● TASK DESCRIPTION: Please reproduce each line of the data below as it stands.

[Saved data entries]

________

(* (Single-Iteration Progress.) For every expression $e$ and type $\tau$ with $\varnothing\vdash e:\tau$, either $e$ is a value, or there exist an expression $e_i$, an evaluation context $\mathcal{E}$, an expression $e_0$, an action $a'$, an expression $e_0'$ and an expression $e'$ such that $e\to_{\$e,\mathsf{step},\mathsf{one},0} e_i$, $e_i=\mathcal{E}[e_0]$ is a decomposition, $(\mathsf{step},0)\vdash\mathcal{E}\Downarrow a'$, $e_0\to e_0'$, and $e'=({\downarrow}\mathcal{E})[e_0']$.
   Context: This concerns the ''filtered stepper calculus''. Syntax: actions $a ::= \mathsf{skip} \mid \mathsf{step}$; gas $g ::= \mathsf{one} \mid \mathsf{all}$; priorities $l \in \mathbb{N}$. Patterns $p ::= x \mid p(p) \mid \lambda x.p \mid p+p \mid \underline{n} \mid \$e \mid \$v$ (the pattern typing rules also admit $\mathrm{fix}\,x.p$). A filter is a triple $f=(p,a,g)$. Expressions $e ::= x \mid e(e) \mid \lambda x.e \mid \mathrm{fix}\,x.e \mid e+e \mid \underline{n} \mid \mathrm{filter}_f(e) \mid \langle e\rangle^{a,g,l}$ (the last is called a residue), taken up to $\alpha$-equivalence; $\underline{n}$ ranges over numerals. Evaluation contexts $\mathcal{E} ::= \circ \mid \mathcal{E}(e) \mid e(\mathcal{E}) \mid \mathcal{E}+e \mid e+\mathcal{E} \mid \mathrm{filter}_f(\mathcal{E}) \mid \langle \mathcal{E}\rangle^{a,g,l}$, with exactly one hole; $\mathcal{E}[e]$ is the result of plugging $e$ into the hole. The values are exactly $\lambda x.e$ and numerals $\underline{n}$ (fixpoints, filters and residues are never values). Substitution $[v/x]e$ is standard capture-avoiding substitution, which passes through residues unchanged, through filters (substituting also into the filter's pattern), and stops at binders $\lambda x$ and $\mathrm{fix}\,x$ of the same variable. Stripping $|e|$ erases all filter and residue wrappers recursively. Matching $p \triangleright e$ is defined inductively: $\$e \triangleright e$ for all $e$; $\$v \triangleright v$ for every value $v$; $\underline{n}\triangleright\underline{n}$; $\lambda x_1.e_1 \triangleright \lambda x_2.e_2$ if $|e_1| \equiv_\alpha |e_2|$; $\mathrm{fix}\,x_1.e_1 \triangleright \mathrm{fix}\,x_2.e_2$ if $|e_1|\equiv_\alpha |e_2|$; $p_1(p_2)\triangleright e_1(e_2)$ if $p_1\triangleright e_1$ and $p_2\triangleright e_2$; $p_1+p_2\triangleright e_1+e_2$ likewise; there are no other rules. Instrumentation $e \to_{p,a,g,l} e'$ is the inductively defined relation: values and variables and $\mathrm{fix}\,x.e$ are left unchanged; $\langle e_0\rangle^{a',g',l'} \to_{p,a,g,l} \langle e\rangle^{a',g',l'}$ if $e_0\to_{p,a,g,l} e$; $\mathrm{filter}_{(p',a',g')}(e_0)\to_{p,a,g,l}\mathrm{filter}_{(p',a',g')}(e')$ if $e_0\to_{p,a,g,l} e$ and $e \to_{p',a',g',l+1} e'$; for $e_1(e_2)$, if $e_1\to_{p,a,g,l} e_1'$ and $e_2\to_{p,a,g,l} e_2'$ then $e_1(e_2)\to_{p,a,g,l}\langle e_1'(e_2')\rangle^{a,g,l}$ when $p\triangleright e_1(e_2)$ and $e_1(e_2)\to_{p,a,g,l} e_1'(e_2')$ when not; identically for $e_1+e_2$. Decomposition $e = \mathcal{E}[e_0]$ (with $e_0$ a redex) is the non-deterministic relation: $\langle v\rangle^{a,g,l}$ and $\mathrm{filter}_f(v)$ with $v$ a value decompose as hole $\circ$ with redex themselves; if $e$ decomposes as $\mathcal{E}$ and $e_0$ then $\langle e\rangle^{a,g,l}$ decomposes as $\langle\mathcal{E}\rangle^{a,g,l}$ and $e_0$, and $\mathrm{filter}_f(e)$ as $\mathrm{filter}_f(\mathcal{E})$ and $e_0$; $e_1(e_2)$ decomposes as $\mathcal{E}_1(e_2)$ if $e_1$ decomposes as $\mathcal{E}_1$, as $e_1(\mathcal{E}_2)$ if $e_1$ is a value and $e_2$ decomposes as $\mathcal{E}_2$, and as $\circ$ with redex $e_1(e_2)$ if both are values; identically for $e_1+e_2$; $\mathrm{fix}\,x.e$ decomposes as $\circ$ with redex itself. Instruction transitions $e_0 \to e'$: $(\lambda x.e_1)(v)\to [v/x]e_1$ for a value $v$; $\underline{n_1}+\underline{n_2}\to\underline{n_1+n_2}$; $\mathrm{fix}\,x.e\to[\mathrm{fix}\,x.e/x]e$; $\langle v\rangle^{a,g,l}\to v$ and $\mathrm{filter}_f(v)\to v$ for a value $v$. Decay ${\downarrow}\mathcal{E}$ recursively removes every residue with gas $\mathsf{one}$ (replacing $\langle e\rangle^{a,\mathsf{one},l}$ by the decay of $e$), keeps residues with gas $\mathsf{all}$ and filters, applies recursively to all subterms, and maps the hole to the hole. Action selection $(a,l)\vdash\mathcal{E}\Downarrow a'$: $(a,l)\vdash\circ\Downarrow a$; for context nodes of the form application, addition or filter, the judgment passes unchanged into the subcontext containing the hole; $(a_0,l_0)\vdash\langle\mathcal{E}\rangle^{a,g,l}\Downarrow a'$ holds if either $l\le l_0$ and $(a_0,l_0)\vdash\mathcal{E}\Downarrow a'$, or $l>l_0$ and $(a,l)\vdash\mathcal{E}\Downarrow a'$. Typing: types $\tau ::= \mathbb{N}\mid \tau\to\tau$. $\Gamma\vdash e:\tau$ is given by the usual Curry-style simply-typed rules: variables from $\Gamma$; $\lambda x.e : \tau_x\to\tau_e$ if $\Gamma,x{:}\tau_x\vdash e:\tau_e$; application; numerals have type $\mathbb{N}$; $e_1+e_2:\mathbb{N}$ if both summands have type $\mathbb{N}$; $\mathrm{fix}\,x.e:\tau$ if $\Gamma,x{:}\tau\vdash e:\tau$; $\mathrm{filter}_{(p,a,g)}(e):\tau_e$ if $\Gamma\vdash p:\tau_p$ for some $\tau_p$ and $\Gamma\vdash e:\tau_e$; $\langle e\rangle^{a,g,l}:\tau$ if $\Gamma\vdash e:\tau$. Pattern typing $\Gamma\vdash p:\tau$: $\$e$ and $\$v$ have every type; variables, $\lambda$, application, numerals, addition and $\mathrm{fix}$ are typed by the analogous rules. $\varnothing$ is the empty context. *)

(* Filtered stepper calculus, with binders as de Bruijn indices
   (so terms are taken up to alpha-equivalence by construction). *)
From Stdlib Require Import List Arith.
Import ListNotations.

________

● REPLY TO THE TASK:
(* (Single-Iteration Progress.) For every expression $e$ and type $\tau$ with $\varnothing\vdash e:\tau$, either $e$ is a value, or there exist an expression $e_i$, an evaluation context $\mathcal{E}$, an expression $e_0$, an action $a'$, an expression $e_0'$ and an expression $e'$ such that $e\to_{\$e,\mathsf{step},\mathsf{one},0} e_i$, $e_i=\mathcal{E}[e_0]$ is a decomposition, $(\mathsf{step},0)\vdash\mathcal{E}\Downarrow a'$, $e_0\to e_0'$, and $e'=({\downarrow}\mathcal{E})[e_0']$.
   Context: This concerns the ''filtered stepper calculus''. Syntax: actions $a ::= \mathsf{skip} \mid \mathsf{step}$; gas $g ::= \mathsf{one} \mid \mathsf{all}$; priorities $l \in \mathbb{N}$. Patterns $p ::= x \mid p(p) \mid \lambda x.p \mid p+p \mid \underline{n} \mid \$e \mid \$v$ (the pattern typing rules also admit $\mathrm{fix}\,x.p$). A filter is a triple $f=(p,a,g)$. Expressions $e ::= x \mid e(e) \mid \lambda x.e \mid \mathrm{fix}\,x.e \mid e+e \mid \underline{n} \mid \mathrm{filter}_f(e) \mid \langle e\rangle^{a,g,l}$ (the last is called a residue), taken up to $\alpha$-equivalence; $\underline{n}$ ranges over numerals. Evaluation contexts $\mathcal{E} ::= \circ \mid \mathcal{E}(e) \mid e(\mathcal{E}) \mid \mathcal{E}+e \mid e+\mathcal{E} \mid \mathrm{filter}_f(\mathcal{E}) \mid \langle \mathcal{E}\rangle^{a,g,l}$, with exactly one hole; $\mathcal{E}[e]$ is the result of plugging $e$ into the hole. The values are exactly $\lambda x.e$ and numerals $\underline{n}$ (fixpoints, filters and residues are never values). Substitution $[v/x]e$ is standard capture-avoiding substitution, which passes through residues unchanged, through filters (substituting also into the filter's pattern), and stops at binders $\lambda x$ and $\mathrm{fix}\,x$ of the same variable. Stripping $|e|$ erases all filter and residue wrappers recursively. Matching $p \triangleright e$ is defined inductively: $\$e \triangleright e$ for all $e$; $\$v \triangleright v$ for every value $v$; $\underline{n}\triangleright\underline{n}$; $\lambda x_1.e_1 \triangleright \lambda x_2.e_2$ if $|e_1| \equiv_\alpha |e_2|$; $\mathrm{fix}\,x_1.e_1 \triangleright \mathrm{fix}\,x_2.e_2$ if $|e_1|\equiv_\alpha |e_2|$; $p_1(p_2)\triangleright e_1(e_2)$ if $p_1\triangleright e_1$ and $p_2\triangleright e_2$; $p_1+p_2\triangleright e_1+e_2$ likewise; there are no other rules. Instrumentation $e \to_{p,a,g,l} e'$ is the inductively defined relation: values and variables and $\mathrm{fix}\,x.e$ are left unchanged; $\langle e_0\rangle^{a',g',l'} \to_{p,a,g,l} \langle e\rangle^{a',g',l'}$ if $e_0\to_{p,a,g,l} e$; $\mathrm{filter}_{(p',a',g')}(e_0)\to_{p,a,g,l}\mathrm{filter}_{(p',a',g')}(e')$ if $e_0\to_{p,a,g,l} e$ and $e \to_{p',a',g',l+1} e'$; for $e_1(e_2)$, if $e_1\to_{p,a,g,l} e_1'$ and $e_2\to_{p,a,g,l} e_2'$ then $e_1(e_2)\to_{p,a,g,l}\langle e_1'(e_2')\rangle^{a,g,l}$ when $p\triangleright e_1(e_2)$ and $e_1(e_2)\to_{p,a,g,l} e_1'(e_2')$ when not; identically for $e_1+e_2$. Decomposition $e = \mathcal{E}[e_0]$ (with $e_0$ a redex) is the non-deterministic relation: $\langle v\rangle^{a,g,l}$ and $\mathrm{filter}_f(v)$ with $v$ a value decompose as hole $\circ$ with redex themselves; if $e$ decomposes as $\mathcal{E}$ and $e_0$ then $\langle e\rangle^{a,g,l}$ decomposes as $\langle\mathcal{E}\rangle^{a,g,l}$ and $e_0$, and $\mathrm{filter}_f(e)$ as $\mathrm{filter}_f(\mathcal{E})$ and $e_0$; $e_1(e_2)$ decomposes as $\mathcal{E}_1(e_2)$ if $e_1$ decomposes as $\mathcal{E}_1$, as $e_1(\mathcal{E}_2)$ if $e_1$ is a value and $e_2$ decomposes as $\mathcal{E}_2$, and as $\circ$ with redex $e_1(e_2)$ if both are values; identically for $e_1+e_2$; $\mathrm{fix}\,x.e$ decomposes as $\circ$ with redex itself. Instruction transitions $e_0 \to e'$: $(\lambda x.e_1)(v)\to [v/x]e_1$ for a value $v$; $\underline{n_1}+\underline{n_2}\to\underline{n_1+n_2}$; $\mathrm{fix}\,x.e\to[\mathrm{fix}\,x.e/x]e$; $\langle v\rangle^{a,g,l}\to v$ and $\mathrm{filter}_f(v)\to v$ for a value $v$. Decay ${\downarrow}\mathcal{E}$ recursively removes every residue with gas $\mathsf{one}$ (replacing $\langle e\rangle^{a,\mathsf{one},l}$ by the decay of $e$), keeps residues with gas $\mathsf{all}$ and filters, applies recursively to all subterms, and maps the hole to the hole. Action selection $(a,l)\vdash\mathcal{E}\Downarrow a'$: $(a,l)\vdash\circ\Downarrow a$; for context nodes of the form application, addition or filter, the judgment passes unchanged into the subcontext containing the hole; $(a_0,l_0)\vdash\langle\mathcal{E}\rangle^{a,g,l}\Downarrow a'$ holds if either $l\le l_0$ and $(a_0,l_0)\vdash\mathcal{E}\Downarrow a'$, or $l>l_0$ and $(a,l)\vdash\mathcal{E}\Downarrow a'$. Typing: types $\tau ::= \mathbb{N}\mid \tau\to\tau$. $\Gamma\vdash e:\tau$ is given by the usual Curry-style simply-typed rules: variables from $\Gamma$; $\lambda x.e : \tau_x\to\tau_e$ if $\Gamma,x{:}\tau_x\vdash e:\tau_e$; application; numerals have type $\mathbb{N}$; $e_1+e_2:\mathbb{N}$ if both summands have type $\mathbb{N}$; $\mathrm{fix}\,x.e:\tau$ if $\Gamma,x{:}\tau\vdash e:\tau$; $\mathrm{filter}_{(p,a,g)}(e):\tau_e$ if $\Gamma\vdash p:\tau_p$ for some $\tau_p$ and $\Gamma\vdash e:\tau_e$; $\langle e\rangle^{a,g,l}:\tau$ if $\Gamma\vdash e:\tau$. Pattern typing $\Gamma\vdash p:\tau$: $\$e$ and $\$v$ have every type; variables, $\lambda$, application, numerals, addition and $\mathrm{fix}$ are typed by the analogous rules. $\varnothing$ is the empty context. *)

(* Filtered stepper calculus, with binders as de Bruijn indices
   (so terms are taken up to alpha-equivalence by construction). *)
From Stdlib Require Import List Arith.
Import ListNotations.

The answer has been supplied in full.